Affection

I’m thinking a lot lately about what draws a person to a particular device. As you might know, I’ve been trying a gazillion different different phones, in some possibly futile attempt to settle into the “perfect” device, or in other words, the thing I’ll stick with for about a year as opposed to a month or so.
Not too long ago, I was convinced that, despite its drawbacks, the Nexus 5 was my one true love. But I was convinced I needed something with better specs. After a few million switcheroos, I landed on a Galaxy Note 4. It’s by many accounts the Best Phone Available, but it’s nonetheless failed to win my heart in the same way the by-all-measures inferior Nexus 5 did. But why?
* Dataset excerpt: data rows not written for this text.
Lemma knorm2E c : knorm2 c = normc (kf c c).
Proof. by rewrite kform_diag normc_real ger0_norm // knorm2_ge0. Qed.

Lemma knorm2_eq c d : kf c c = kf d d -> knorm2 c = knorm2 d.
Proof. by rewrite /knorm2 => ->. Qed.

Lemma normc_kform_sym c d : normc (kf d c) = normc (kf c d).
Proof. by rewrite kform_conj normc_conj. Qed.

Lemma kform_CauchySchwarz c d : 2 * normc (kf c d) <= knorm2 c + knorm2 d.
Proof.
have [->|cd0] := eqVneq (kf c d) 0.
  by rewrite normc0 mulr0 addr_ge0 // knorm2_ge0.
(* rotate [d] by the phase [w] that makes [kf c (w d)] real and nonnegative *)
set w : C := `|kf c d| / kf c d.
have hw : w * kf c d = `|kf c d| by rewrite /w mulfVK.
have hw2 : w^* * w = 1.
  by rewrite -normCKC /w normrM normfV normr_id mulfV ?expr1n // normr_eq0.
clearbody w.
have := kform_ge0 hk (c ++ opp_comb (scale_comb w d)).
have -> : kf (c ++ opp_comb (scale_comb w d)) (c ++ opp_comb (scale_comb w d)) =
    kf c c + (w^* * w) * kf d d - w * kf c d - (w * kf c d)^*.
  by rewrite !kformE (kform_conj c d) rmorphM; ring.
rewrite hw2 hw conj_normC mul1r !kform_diag normr_normc.
rewrite -rmorphD -!rmorphB ler0c.
lra.
Qed.

Lemma knorm2_scale a c : knorm2 (scale_comb a c) = normc a ^+ 2 * knorm2 c.
Proof.
apply: complexI; rewrite rmorphM rmorphXn /= -!kform_diag !kformE -normr_normc normCKC.
by rewrite mulrA.
Qed.

Lemma kform_CauchySchwarz_scaled c d t :
  0 < t -> 2 * normc (kf c d) <= t * knorm2 c + knorm2 d / t.
Proof.
move=> t0; have := kform_CauchySchwarz (scale_comb t%:C c) d.
have tJ : (t%:C)^* = t%:C by apply/conj_Creal/complex_realP; exists t.
rewrite knorm2_scale kform_scalel tJ normcM normc_real.
rewrite (ger0_norm (ltW t0)) => h.
have hu : knorm2 d = (knorm2 d / t) * t by rewrite mulfVK ?gt_eqF.
move: h; rewrite [X in _ <= _ + X]hu; move: (knorm2 d / t) => u h.
have := knorm2_ge0 c; have := normc_ge0 (kf c d); nra.
Qed.

Lemma knorm2_opp c : knorm2 (opp_comb c) = knorm2 c.
Proof. by rewrite /knorm2 !kformE opprK. Qed.

Lemma knorm2_cat c d : knorm2 (c ++ d) <= 2 * knorm2 c + 2 * knorm2 d.
Proof.
have hcd : knorm2 (c ++ d) + knorm2 (c ++ opp_comb d) = 2 * knorm2 c + 2 * knorm2 d.
  apply: complexI; rewrite !rmorphD !rmorphM rmorph_nat /= -!kform_diag !kformE; ring.
by have := knorm2_ge0 (c ++ opp_comb d); lra.
Qed.

End PositiveKernel.

Section ReproducingKernelSpace.
Variables (R : realType) (V : choiceType) (k : V -> V -> R[i]).
Hypothesis hk : pos_def k.
Local Notation C := R[i].
Local Notation comb := (seq (V * C)).
Local Notation kf := (kform k).
Local Notation knorm2 := (knorm2 k).
Local Notation fsub := (@fsub R V).

Definition kcauchy (c : nat -> comb) := forall e : R, 0 < e -> exists N,
  forall m n, (N <= m)%N -> (N <= n)%N -> knorm2 (cdiff (c m) (c n)) < e.

Lemma kapproxP c f : kapprox k c f <->
  kcauchy c /\ forall y, cconv (fun n => kfun k (c n) y) (f y).
Proof.
have normE x : `|kf x x| = (knorm2 x)%:C by rewrite normr_normc -knorm2E.
split=> -[hc hp]; split=> // e e0.
  have e0' : (0 : C) < e%:C by rewrite ltcR.
  have [N hN] := hc _ e0'; exists N => m n hm hn.
  by have := hN m n hm hn; rewrite normE ltcR.
have [-> e0'] := gtc0P e0.
have [N hN] := hc _ e0'; exists N => m n hm hn.
by rewrite normE ltcR; apply: hN.
Qed.

Lemma kapprox_cauchy c f : kapprox k c f -> kcauchy c.
Proof. by case/kapproxP. Qed.

Lemma kapprox_pointwise c f y : kapprox k c f -> cconv (fun n => kfun k (c n) y) (f y).
Proof. by case/kapproxP => _; apply. Qed.

Lemma kcauchy_bounded c : kcauchy c -> exists K N, 0 <= K /\
  forall n, (N <= n)%N -> knorm2 (c n) <= K.
Proof.
move=> hc; have [N hN] := hc 1 ltr01.
exists (2 + 2 * knorm2 (c N)), N; split; first by have := knorm2_ge0 hk (c N); lra.
move=> n hn.
have -> : knorm2 (c n) = knorm2 (cdiff (c n) (c N) ++ c N).
  by apply: knorm2_eq; rewrite !kformE; ring.
have := knorm2_cat hk (cdiff (c n) (c N)) (c N).
have := hN n N hn (leqnn _); lra.
Qed.

Lemma kform_small (K e : R) : 0 <= K -> 0 < e -> exists2 d, 0 < d &
  forall u v, knorm2 u < d -> knorm2 v <= K -> normc (kf u v) < e /\ normc (kf v u) < e.
Proof.
move=> K0 e0; have [d d0 hd] := amgm_small K0 e0.
exists d => // u v hu hv; rewrite (normc_kform_sym hk u v).
suff h : normc (kf u v) < e by split.
apply: (hd _ _ hu) => t t0; apply: le_trans (kform_CauchySchwarz_scaled hk u v t0) _.
by rewrite lerD2l ler_pM2r ?invr_gt0.
Qed.

Lemma kcauchy_cdiff c c' : kcauchy c -> kcauchy c' ->
  kcauchy (fun n => cdiff (c n) (c' n)).
Proof.
move=> h1 h2 e e0.
have [N1 hN1] := h1 (e / 4) (divr_gt0 e0 (ltr0Sn _ 3)).
have [N2 hN2] := h2 (e / 4) (divr_gt0 e0 (ltr0Sn _ 3)).
exists (maxn N1 N2) => m n hm hn.
have a1 := hN1 m n (leq_trans (leq_maxl _ _) hm) (leq_trans (leq_maxl _ _) hn).
have a2 := hN2 m n (leq_trans (leq_maxr _ _) hm) (leq_trans (leq_maxr _ _) hn).
have -> : knorm2 (cdiff (cdiff (c m) (c' m)) (cdiff (c n) (c' n))) =
    knorm2 (cdiff (c m) (c n) ++ opp_comb (cdiff (c' m) (c' n))).
  by apply: knorm2_eq; rewrite !kformE; ring.
have := knorm2_cat hk (cdiff (c m) (c n)) (opp_comb (cdiff (c' m) (c' n))).
rewrite knorm2_opp; lra.
Qed.
Lemma doubly_stochastic_rearrangement n (B : 'M[R]_n) (e r : 'I_n -> R) :
  doubly_stochastic B ->
  {homo e : i j / (i <= j)%N >-> i <= j} ->
  {homo r : i j / (i <= j)%N >-> j <= i} ->
  \sum_j r j * e j <= \sum_j (\sum_k B j k * r k) * e j.
Proof.
move=> [B_ge0 row1 col1] e_incr r_decr.
have [F F_pot] := monotone_potential e_incr r_decr.
have transport : \sum_j (\sum_k B j k * r k) * e j - \sum_j r j * e j =
    \sum_j \sum_k B j k * ((e j - e k) * r k).
  rewrite [RHS](eq_bigr (fun j =>
      (\sum_k B j k * r k) * e j - \sum_k B j k * (r k * e k))); last first.
    by move=> j _; rewrite mulr_suml -sumrB; apply: eq_bigr => k _; ring.
  rewrite sumrB exchange_big /=; congr (_ - _); apply: eq_bigr => k _.
  by rewrite -mulr_suml col1 mul1r.
have balance : \sum_j \sum_k B j k * (F j - F k) = 0.
  rewrite (eq_bigr (fun j => F j * \sum_k B j k - \sum_k B j k * F k));
    last first.
    by move=> j _; rewrite mulr_sumr -sumrB; apply: eq_bigr => k _; ring.
  rewrite sumrB exchange_big /=; apply/eqP; rewrite subr_eq0; apply/eqP.
  by apply: eq_bigr => k _; rewrite row1 mulr1 -mulr_suml col1 mul1r.
rewrite -subr_ge0 transport -[X in X <= _]balance.
by apply: ler_sum => j _; apply: ler_sum => k _; apply: ler_wpM2l.
Qed.

End Rearrangement.
Lemma list_of_functions (K : finType) (X : Type) (x0 : X) (l : list X) :
  exists FL : list (K -> X), forall f, (forall a, List.In (f a) l) -> List.In f FL.
Proof.
suff /(_ (enum K)) [FL HF] : forall ks : seq K, exists FL : list (K -> X), forall f,
    (forall a, List.In (f a) l) -> exists2 g, List.In g FL & {in ks, f =1 g}.
  exists FL => f /HF [g Hg fg].
  suff -> : f = g by [].
  by apply: functional_extensionality => a; apply: fg; rewrite mem_enum.
elim=> [|k ks [FL IH]].
  by exists [:: fun _ => x0] => f _; exists (fun _ => x0); first left.
exists (List.flat_map (fun x => map (fun g a => if a == k then x else g a) FL) l).
move=> f Hf; have [g Hg fg] := IH f Hf.
exists (fun a => if a == k then f k else g a).
  by apply/List.in_flat_map; exists (f k); split=> //; apply/List.in_map_iff; exists g.
by move=> a; rewrite inE; case: eqP => [->|_ /fg].
Qed.

Lemma list_filter_exists (T : Type) (P : T -> Prop) (l : list T) :
  exists l', forall e, List.In e l' <-> List.In e l /\ P e.
Proof.
exists (List.filter (fun e => if excluded_middle_informative (P e) then true else false) l).
move=> e; rewrite List.filter_In.
by case: excluded_middle_informative => Pe; split=> -[].
Qed.

Lemma eventually_all_in (T : Type) (P : T -> nat -> Prop) (l : list T) :
  (forall t, List.In t l -> exists N, forall m, N <= m -> P t m) ->
  exists N, forall t, List.In t l -> forall m, N <= m -> P t m.
Proof.
elim: l => [|t l IH] H; first by exists 0.
have [N1 H1] := IH (fun t' Ht' => H t' (or_intror Ht')).
have [N2 H2] := H t (or_introl erefl).
exists (maxn N1 N2) => t' [<-|Ht'] m; rewrite geq_max => /andP[N1m N2m]; auto.
Qed.

Section OrderFacts.
Variables (D : Type) (le : D -> D -> Prop).
Hypothesis le_refl : forall x, le x x.
Hypothesis le_trans : forall x y z, le x y -> le y z -> le x z.
Hypothesis le_alg : algebraic le.
(* There exists a constant $C$ (independent of $N$ and $t$) such that, for the processes $x^t$ and $\overline{x}^t$ described in the context, $$\mathbb{E}\big(|\overline{x}^t-x^t|^2\big)\le C N^{-1}\quad\text{for all } t\ge 0.$$
   Context: Two patches have hosting capacities $N_1=N$ and $N_2=dN$, with $d=N_2/N_1\in(0,1]$ fixed; $\kappa>0$ fixed, $\delta t=1/N$, $\kappa\delta t\le 1$. Let $M=\begin{pmatrix} d & -d\\ -1 & 1\end{pmatrix}$ and $A=\mathrm{Id}-\frac{\kappa}{N}M$. For a function $g$ on $\mathcal D=[0,1]^2$ define $$B_N(g)(x)=\sum_{j_1=0}^{N_1}\sum_{j_2=0}^{N_2}\binom{N_1}{j_1}\binom{N_2}{j_2}x_1^{j_1}(1-x_1)^{N_1-j_1}x_2^{j_2}(1-x_2)^{N_2-j_2}\,g\!\left(\tfrac{j_1}{N_1},\tfrac{j_2}{N_2}\right).$$ $(x^n)_{n\ge0}$ is the Markov chain in $\mathcal D$ with transition kernel $\mathbb{E}(f(x^{n+1})\mid x^n=x)=B_N(f\circ A)(x)$. The càdlàg process is $\overline{x}^t=x^n$ for $n\delta t\le t<(n+1)\delta t$, and $x^t$ is the continuous piecewise linear-in-time process with $x^t=x^n$ at $t=n\delta t$. $|\cdot|$ is the Euclidean norm. *)

From Stdlib Require Import Reals.
Open Scope R_scope.

Definition pt := (R * R)%type.

Definition sqnorm (v : pt) : R := fst v ^ 2 + snd v ^ 2.

(* A = Id - (kappa/N) M,  M = [[d,-d],[-1,1]] *)
Definition Amap (kappa d : R) (N : nat) (y : pt) : pt :=
  (fst y - kappa / INR N * (d * fst y - d * snd y),
   snd y - kappa / INR N * (- fst y + snd y)).

Definition bern (n j : nat) (x : R) : R := C n j * x ^ j * (1 - x) ^ (n - j).

(* B_N(g)(x), with N1 = hosting capacity of patch 1, N2 of patch 2;
   sum_f_R0 f n = f 0 + ... + f n *)
Definition BN (N1 N2 : nat) (g : pt -> R) (x : pt) : R :=
  sum_f_R0 (fun j1 =>
    sum_f_R0 (fun j2 =>
      bern N1 j1 (fst x) * bern N2 j2 (snd x) * g (INR j1 / INR N1, INR j2 / INR N2))
    N2) N1.

(* transition operator: E(f(x^{n+1}) | x^n = x) = B_N(f o A)(x) *)
Definition kernel (kappa d : R) (N N2 : nat) (f : pt -> R) (x : pt) : R :=
  BN N N2 (fun y => f (Amap kappa d N y)) x.

Definition pcons (x0 : pt) (p : nat -> pt) : nat -> pt :=
  fun i => match i with O => x0 | S i' => p i' end.

(* Epath K k F x0 = expectation of F(path) for the Markov chain with transition
   operator K started at x^0 = x0, where the path is (x^0, ..., x^k, x^k, x^k, ...)
   (so F should only depend on the first k+1 coordinates). *)
Fixpoint Epath (K : (pt -> R) -> pt -> R) (k : nat) (F : (nat -> pt) -> R) (x0 : pt) : R :=
  match k with
  | O => F (fun _ => x0)
  | S k' => K (fun y => Epath K k' (fun p => F (pcons x0 p)) y) x0
  end.

(* the index n with n dt <= t < (n+1) dt, dt = 1/N  (for t >= 0) *)
Definition nstep (N : nat) (t : R) : nat := Z.to_nat (Int_part (t * INR N)).

Definition xbar (N : nat) (p : nat -> pt) (t : R) : pt := p (nstep N t).

Definition xlin (N : nat) (p : nat -> pt) (t : R) : pt :=
  let n := nstep N t in
  let s := (t - INR n / INR N) * INR N in
  (fst (p n) + s * (fst (p (S n)) - fst (p n)),
   snd (p n) + s * (snd (p (S n)) - snd (p n))).

From Stdlib Require Import Reals ZArith Lra Lia.
Open Scope R_scope.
Think about that brand new MacBook, the one I know I can’t make use of due to its single port and low-end processor. It’s not winning on points, but by the looks of it, it’s going to hook folks on an emotional level.

A couple years ago, I was trying to decide between the 15-inch MacBook Pro (pre-Retina) and the 11-inch MacBook Air. These computers could not have been more different, and based on the idea that the 15 was “better,” I agonizingly went with that. But I was pulled, oh was I pulled to the 11. I mean, it was just so damned adorable. I returned the 15 and went with the 11, and I was delighted. It was capable of less, its screen was scrunched and wee, and yet I had a palpable emotional attachment to it. I hugged it! I’m certain the SSD was a huge factor there, but it was also just something about its size and, well, cuteness.

The same happened when I first switched to Macs with my first 12-inch Powerbook in 2004. I could have gotten yet another Windows laptop for far less money and with more power or screen real estate, but the Powerbook wooed me with something intangible. I was drawn to it all the time that I owned it. I think the iPod halo effect had something to do with it, because I had a similarly fluttery heart for my 3-button 2003 iPod. Obviously the iPod brought me the wondrous ability to carry my music collection everywhere in a svelte little cigarette-pack-size object (that glowed!), but I think it was more than that.

All things are not equal here. Often there is more value and utility to be gotten out of one device that doesn’t tug at one’s heart strings than the one that does. I’m typing this on a 13-inch MacBook Pro Retina, and it’s definitely the right machine for the work I do. But I don’t feel much for it other than satisfaction from its usefulness.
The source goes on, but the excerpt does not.